After months of criticism that its patent policies had the potential to squelch important education projects, Blackboard on Thursday announced a "patent pledge" under which it vowed not to assert its patent rights to sue open source projects or home-grown software used by colleges and universities.
The pledge followed weeks of intense negotiations between Blackboard, Educause and Sakai. Educause is an umbrella group for technology leaders in higher education and Sakai is a leading open source consortium -- both groups have criticized Blackboard's handling of the patent issue. Blackboard officials said that they believed their pledge contained more than enough protection to assure the skeptics. "The pledge covers anything anyone is realistically worried about in the e-learning community," said Matthew Small, Blackboard’s general counsel. "Any school can look at this pledge and sleep easy at night."
Some of those who have been criticizing Blackboard said that the company had indeed moved in their direction, and that the pledge offered much more legal protection than the company had previously offered. But if Blackboard wants its critics to sleep easy at night, it may need to ship out a lot of Ambien, because many said that they believed the company's pledge left them as anxious than ever. And many continued to express a distrust for the company.
John Norman, chairman of the Sakai board and director of the Centre for Applied Research in Education Technologies at the University of Cambridge, said that pledges not to enforce patent rights depend for their success "on people trusting the action of the person making the pledge." Blackboard officials "did manage to convince me that they were serious about this," he said, but they also felt that "they had to keep their legal options open" on some issues that remain of concern to Sakai.
He said that the response he was hearing from Sakai users after the announcement Thursday morning was "surprise that we'd been positive at all" about the Blackboard pledge. Since it's too early to see how Blackboard will follow the pledge, Norman said that his members' reaction "comes back to the trust issue."
And there were some signs Thursday that Blackboard's announcement may have added to its credibility problems. The announcement included a sole quote from a joint statement of the boards of Sakai and Educause, praising Blackboard's action. The quote was indeed drawn from the joint statement, but it was the most positive part of a decidedly mixed review that the two organizations gave to Blackboard's action. The full statement also included criticisms of Blackboard's legal strategy, questioned the validity of the patents at the center of the dispute, and drew attention to loopholes in the Blackboard pledge.
In fact, Blackboard's quotation was so selective that some of the company's critics were blogging about their disappointment with Educause and Sakai for endorsing the pledge -- only to be correcting their blog entries later when, after reading the full Educause/Sakai statement, they could call Blackboard "misleading" once again.

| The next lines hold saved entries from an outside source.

Definition Gc_edges E w eps (c : int) : {set {set V}} :=
  [set e in E | `[< ~ exists b, in_bucket w eps e b /\ (b = c %[mod Cof eps])%Z >]].

Definition level_edges E w eps (c l : int) : {set {set V}} :=
  [set e in Gc_edges E w eps c | `[< exists b, in_bucket w eps e b /\
      l * Cof eps + c + 1 <= b /\ b <= (l + 1) * Cof eps + c - 1 >]].

Definition is_matching F M : Prop :=
  M \subset F /\ {in M &, forall e f : {set V}, e != f -> [disjoint e & f]}.

Definition wsum w M : R := \sum_(e in M) w e.

Definition is_max_weight_matching w F M : Prop :=
  is_matching F M /\ forall M', is_matching F M' -> wsum w M' <= wsum w M.

Definition is_approx_mwm w eps F M : Prop :=
  is_matching F M /\
  forall M', is_matching F M' -> (1 + eps)^-1 * wsum w M' <= wsum w M.

Definition greedy_step (M : int -> {set {set V}}) (acc : {set {set V}}) (l : int)
  : {set {set V}} :=
  acc :|: [set e in M l | [forall f in acc, [disjoint e & f]]].

Definition levels_down (lmin lmax : int) : seq int :=
  [seq lmax - i%:Z | i <- iota 0 (absz (lmax - lmin)).+1].

Definition combined (M : int -> {set {set V}}) (lmin lmax : int) : {set {set V}} :=
  foldl (greedy_step M) set0 (levels_down lmin lmax).

End Defs.

From HB Require Import structures.
From mathcomp Require Import all_boot all_order all_algebra.
From mathcomp Require Import intdiv boolp reals.
From mathcomp Require Import lra zify.
Set Implicit Arguments. Unset Strict Implicit. Unset Printing Implicit Defensive.
Import Order.TTheory GRing.Theory Num.Theory.
Local Open Scope ring_scope.

(* Every edge of G^c lies in exactly one level, so the approximation guarantee
   gives w(Mopt) <= (1 + eps) sum_l w(M_l).  Let U_l = eps^-((l+1) C + c), the
   lower end of the removed bucket just above level l.  Edges of M_l weigh less
   than U_l and, because the bucket below level l is removed too, at least
   U_(l-1) / eps; moreover 2 U_(l-1) <= U_l.  When the greedy reaches level l,
   each accepted edge blocks at most two edges of M_l, one per endpoint.  Hence
   the potential (1 + 4 eps) w(acc) - 4 |acc| U_l grows by at least w(M_l) per
   level: the blocked weight is paid by halving the charge of the old edges,
   while each new edge e pays its own charge 4 U_(l-1) <= 4 eps w(e).  So
   sum_l w(M_l) <= (1 + 4 eps) w(\hat M^c), and (1 + eps)(1 + 4 eps) <= 1 + 7 eps
   for eps <= 1/2. *)

Lemma card_blocked {V : finType} (acc M : {set {set V}}) :
  (forall f, f \in acc -> #|f| = 2%N) ->
  {in M &, forall e f : {set V}, e != f -> [disjoint e & f]} ->
  (#|M :\: [set e in M | [forall f in acc, [disjoint e & f]]]| <= 2 * #|acc|)%N.
Proof.
move=> acc2 Mmatch; set B := _ :\: _.
pose hit (e : {set V}) := [pick v in e :&: cover acc].
have hitP e : e \in B -> e \in M /\ exists2 v, hit e = Some v & v \in e :&: cover acc.
  rewrite !inE => /andP[/negP blocked eM]; split => //.
  rewrite /hit; case: pickP => [v ev|none]; first by exists v.
  exfalso; apply: blocked; rewrite eM; apply/forall_inP => f fa.
  apply/pred0P => v /=; apply/negP => /andP[ve vf].
  have := none v; rewrite !inE ve /= => /negP; apply.
  by apply/bigcupP; exists f.
have hit_inj : {in B &, injective hit}.
  move=> e1 e2 /hitP[e1M [v hit1 /setIP[ve1 _]]] /hitP[e2M [v' hit2 /setIP[ve2 _]]].
  rewrite hit1 hit2 => -[vv']; rewrite -vv' in ve2.
  apply/eqP/negPn/negP => ne.
  by have /pred0P/(_ v) := Mmatch _ _ e1M e2M ne; rewrite /= ve1 ve2.
have hit_sub : hit @: B \subset Some @: cover acc.
  apply/subsetP => _ /imsetP[e /hitP[_ [v -> /setIP[_ vc]]] ->].
  by apply/imsetP; exists v.
rewrite -(card_in_imset hit_inj); apply: leq_trans (subset_leq_card hit_sub) _.
rewrite card_imset; last by move=> ? ? [].
apply: leq_trans (leq_card_cover acc).1 _.
rewrite (eq_bigr (fun=> 2%N)) => [|f /acc2 //].
by rewrite sum_nat_const mulnC.
Qed.

Lemma wsum_le_sum_cover {R : realType} {V : finType} {I : eqType}
    (w : {set V} -> R) (A : {set {set V}}) (L : I -> {set {set V}}) (s : seq I) :
  (forall e, e \in A -> 0 <= w e) ->
  (forall e, e \in A -> exists2 l, l \in s & e \in L l) ->
  wsum w A <= \sum_(l <- s) wsum w (A :&: L l).
Proof.
move=> w_ge0 A_cover.
have -> : \sum_(l <- s) wsum w (A :&: L l) =
    \sum_(e in A) \sum_(l <- s) (if e \in L l then w e else 0).
  rewrite exchange_big /=; apply: eq_bigr => l _.
  rewrite /wsum big_mkcond [RHS]big_mkcond /=; apply: eq_bigr => e _.
  by rewrite inE; case: (e \in A).
apply: ler_sum => e eA; have [l ls eL] := A_cover e eA.
rewrite (big_rem l ls) /= eL lerDl sumr_ge0 // => l' _.
by case: ifP => _; rewrite ?w_ge0.
Qed.

Lemma approx_mwm_le {R : realType} {V : finType} (w : {set V} -> R) (eps : R)
    (F Mapx Mopt : {set {set V}}) :
  0 <= eps -> is_approx_mwm w eps F Mapx ->
  {in Mopt &, forall e f : {set V}, e != f -> [disjoint e & f]} ->
  wsum w (Mopt :&: F) <= (1 + eps) * wsum w Mapx.
Proof.
move=> eps_ge0 [_ Mapx_max] Mopt_match.
have Mopt_F : is_matching F (Mopt :&: F).
  split; first exact: subsetIr.
  by move=> e f /setIP[eM _] /setIP[fM _]; apply: Mopt_match.
have eps1_gt0 : 0 < 1 + eps by lra.
rewrite -[X in X <= _](mulVKf (lt0r_neq0 eps1_gt0)).
by apply: ler_wpM2l; [exact: ltW | exact: Mapx_max].
Qed.

Lemma levels_cons (n : int) (k : nat) :
  [seq n - i%:Z | i <- iota 0 k.+1] = n :: [seq (n - 1) - i%:Z | i <- iota 0 k].
Proof.
rewrite /= -(addn0 1%N) iotaDl -map_comp subr0; congr (_ :: _).
by apply: eq_map => i /=; lia.
Qed.

Lemma mem_levels_down (lmin lmax l : int) :
  lmin <= lmax -> (l \in levels_down lmin lmax) = (lmin <= l <= lmax).
Proof.
move=> lmin_le; apply/mapP/andP => [[i] | [lmin_l l_lmax]].
  rewrite mem_iota add0n ltnS => /andP[_ i_le] ->.
  by move: i_le; rewrite -lez_nat gez0_abs ?subr_ge0 //; lia.
exists (absz (lmax - l)); last by rewrite gez0_abs ?subr_ge0 //; lia.
by rewrite mem_iota add0n ltnS -lez_nat !gez0_abs ?subr_ge0 //; lia.
Qed.

Section GreedyPotential.
Variables (R : realType) (V : finType) (w : {set V} -> R) (eps : R).
Variables (M : int -> {set {set V}}) (U : int -> R).
Hypothesis M_card2 : forall l e, e \in M l -> #|e| = 2%N.
Hypothesis M_matching :
  forall l, {in M l &, forall e f : {set V}, e != f -> [disjoint e & f]}.
Hypothesis M_weight_lt : forall l e, e \in M l -> w e < U l.
Hypothesis M_weight_ge : forall l e, e \in M l -> U (l - 1) <= eps * w e.
Hypothesis U_ge0 : forall l, 0 <= U l.
Hypothesis U_double : forall l, 2 * U (l - 1) <= U l.

Definition greedy_potential (acc : {set {set V}}) (l : int) : R :=
  (1 + 4 * eps) * wsum w acc - 4 * #|acc|%:R * U l.

Lemma greedy_step_card2 (acc : {set {set V}}) (l : int) :
  (forall f, f \in acc -> #|f| = 2%N) ->
  forall f, f \in greedy_step M acc l -> #|f| = 2%N.
Proof. by move=> acc2 f /setUP[/acc2 | /setIdP[/M_card2]]. Qed.

Lemma greedy_step_potential (acc : {set {set V}}) (l : int) :
  (forall f, f \in acc -> #|f| = 2%N) ->
  greedy_potential acc l + wsum w (M l) <= greedy_potential (greedy_step M acc l) (l - 1).
Proof.
move=> acc2; pose A := [set e in M l | [forall f in acc, [disjoint e & f]]].
have AM : A \subset M l by apply/subsetP => e /setIdP[].
have acc_A : [disjoint acc & A].
  apply/pred0P => e /=; apply/negP => /andP[e_acc /setIdP[eM /forall_inP/(_ e e_acc)]].
  rewrite -setI_eq0 setIid => /eqP e0.
  by have := M_card2 eM; rewrite e0 cards0.
have wsumU : wsum w (acc :|: A) = wsum w acc + wsum w A.
  by rewrite /wsum -bigU //; apply: eq_bigl => e; rewrite !inE.
have cardU : #|acc :|: A| = (#|acc| + #|A|)%N.
  by rewrite cardsU (disjoint_setI0 acc_A) cards0 subn0.
have wsumM : wsum w (M l) = wsum w A + wsum w (M l :\: A).
  by rewrite /wsum (big_setID A) /= (setIidPr AM).
have blocked : wsum w (M l :\: A) <= 2 * #|acc|%:R * U l.
  apply: (@le_trans _ _ (#|M l :\: A|%:R * U l)).
    rewrite /wsum mulr_natl -sumr_const; apply: ler_sum => e /setDP[eM _].
    exact/ltW/M_weight_lt.
  by rewrite ler_wpM2r // -natrM ler_nat card_blocked.
have added : #|A|%:R * U (l - 1) <= eps * wsum w A.
  rewrite /wsum mulr_sumr mulr_natl -sumr_const; apply: ler_sum => e eA.
  exact/M_weight_ge/(subsetP AM).
have acc_charge : #|acc|%:R * (2 * U (l - 1)) <= #|acc|%:R * U l.
  by rewrite ler_wpM2l.
rewrite /greedy_potential /greedy_step -/A wsumU cardU wsumM natrD.
have := U_ge0 l; have := U_ge0 (l - 1); lra.
Qed.

Lemma greedy_potential_foldl (k : nat) (acc : {set {set V}}) (n : int) :
  (forall f, f \in acc -> #|f| = 2%N) ->
  greedy_potential acc n + \sum_(l <- [seq n - i%:Z | i <- iota 0 k]) wsum w (M l) <=
  greedy_potential (foldl (greedy_step M) acc [seq n - i%:Z | i <- iota 0 k]) (n - k%:Z).
Proof.
elim: k acc n => [|k IH] acc n acc2; first by rewrite big_nil addr0 subr0.
rewrite levels_cons big_cons /= addrA.
have -> : n - k.+1%:Z = n - 1 - k%:Z by lia.
apply: le_trans (IH _ _ (@greedy_step_card2 acc n acc2)).
by rewrite lerD2r greedy_step_potential.
Qed.
(* For all integers $n, k \geq 1$ with $n \geq k$, $$\sum_{i=k}^{n} \frac{s(n,i)\, S(i,k)}{i} = (-1)^{n-k} \frac{(n-1)!}{k!} \sum_{\ell=0}^{n-k} \frac{(-1)^{\ell}}{\ell!} B_{\ell}^*.$$
   Context: For $n \geq 0$, $X^{\underline{n}} := X(X-1)\cdots(X-n+1)$ ($X^{\underline{0}}=1$). The (signed) Stirling numbers of the first kind $s(n,k)$ are defined by $X^{\underline{n}} = \sum_{k=0}^{n} s(n,k) X^k$, and the Stirling numbers of the second kind $S(n,k)$ by $X^n = \sum_{k=0}^{n} S(n,k) X^{\underline{k}}$ (for all $n\ge 0$), with $s(n,k)=S(n,k)=0$ when $n<k$. The Bernoulli numbers of the second kind $B_n^*$ are defined by $\frac{t}{\log(1+t)} = \sum_{n \ge 0} B_n^* \frac{t^n}{n!}$. *)

From mathcomp Require Import all_boot all_order all_algebra.
Set Implicit Arguments. Unset Strict Implicit. Unset Printing Implicit Defensive.
Import Order.TTheory GRing.Theory Num.Theory.
Local Open Scope ring_scope.

Definition falling_poly (n : nat) : {poly int} :=
  \prod_(i < n) ('X - (i%:Z)%:P).

(* Signed Stirling numbers of the first kind: X^{\underline n} = sum_k s(n,k) X^k.
   (Coefficients beyond degree n are 0, so s(n,k) = 0 for n < k.) *)
Definition stirling1 (n k : nat) : int := (falling_poly n)`_k.

(* Stirling numbers of the second kind, via the standard recurrence
   S(0,0)=1, S(0,k+1)=0, S(n+1,0)=0, S(n+1,k+1) = (k+1) S(n,k+1) + S(n,k),
   which is the unique family satisfying X^n = sum_k S(n,k) X^{\underline k}. *)
Fixpoint stirling2 (n k : nat) {struct n} : int :=
  match n, k with
  | 0, 0 => 1
  | 0, _.+1 => 0
  | _.+1, 0 => 0
  | n'.+1, k'.+1 => (k'.+1)%:Z * stirling2 n' k'.+1 + stirling2 n' k'
  end.

(* Coefficients c_m of the power series log(1+t)/t = sum_m (-1)^m t^m/(m+1). *)
Definition logq_coef (m : nat) : rat := (-1) ^+ m / (m.+1)%:R.

(* Coefficients b_n of the reciprocal power series t/log(1+t) = sum_n b_n t^n,
   determined by (sum c_m t^m)(sum b_n t^n) = 1, i.e. b_0 = 1 and
   b_n = - sum_{m=1}^{n} c_m b_{n-m} (c_0 = 1). *)
Fixpoint bstar_aux (n : nat) : seq rat :=
  match n with
  | 0 => [:: 1]
  | n'.+1 =>
      let s := bstar_aux n' in
      rcons s (- \sum_(m < n'.+1) logq_coef m.+1 * nth 0 s (n' - m)%N)
  end.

And the frustration with the announcement reinforced for many their concerns about the company. "I think you can drive trucks through the loopholes and since they reserve the right to litigate if they think you are in violation of the pledge, there is a segment of the community that is chilled. Some people will be satisfied with this, others will not and the litigation will continue on its merits. It's still a bad patent, IMHO," wrote John P. Mayer on the blog CALIopolis.
The patents at the center of the dispute were awarded to Blackboard a year ago, and their breadth is a key part of the dispute. Critics say that the patents are so broad that they would appear to cover just about any online learning technology, and could be used to squelch innovation at a time that Blackboard -- following its absorption of WebCT -- is already a dominant player in the course management business.
Blackboard has insisted that it is not out to hurt open source, that the fears about its patent claims are exaggerated, and that higher education benefits from the company’s ability to invest in new products -- something it says it couldn’t do without protecting its intellectual property. The concerns about Blackboard's patent strategy increased when it sued Desire2Learn, which competes with it in the course management market. As the dispute has escalated, Sakai and others have asked the U.S. Patent Office to reconsider Blackboard's patents, which it agreed to do, but patent reviews and patent litigation are notoriously long in duration.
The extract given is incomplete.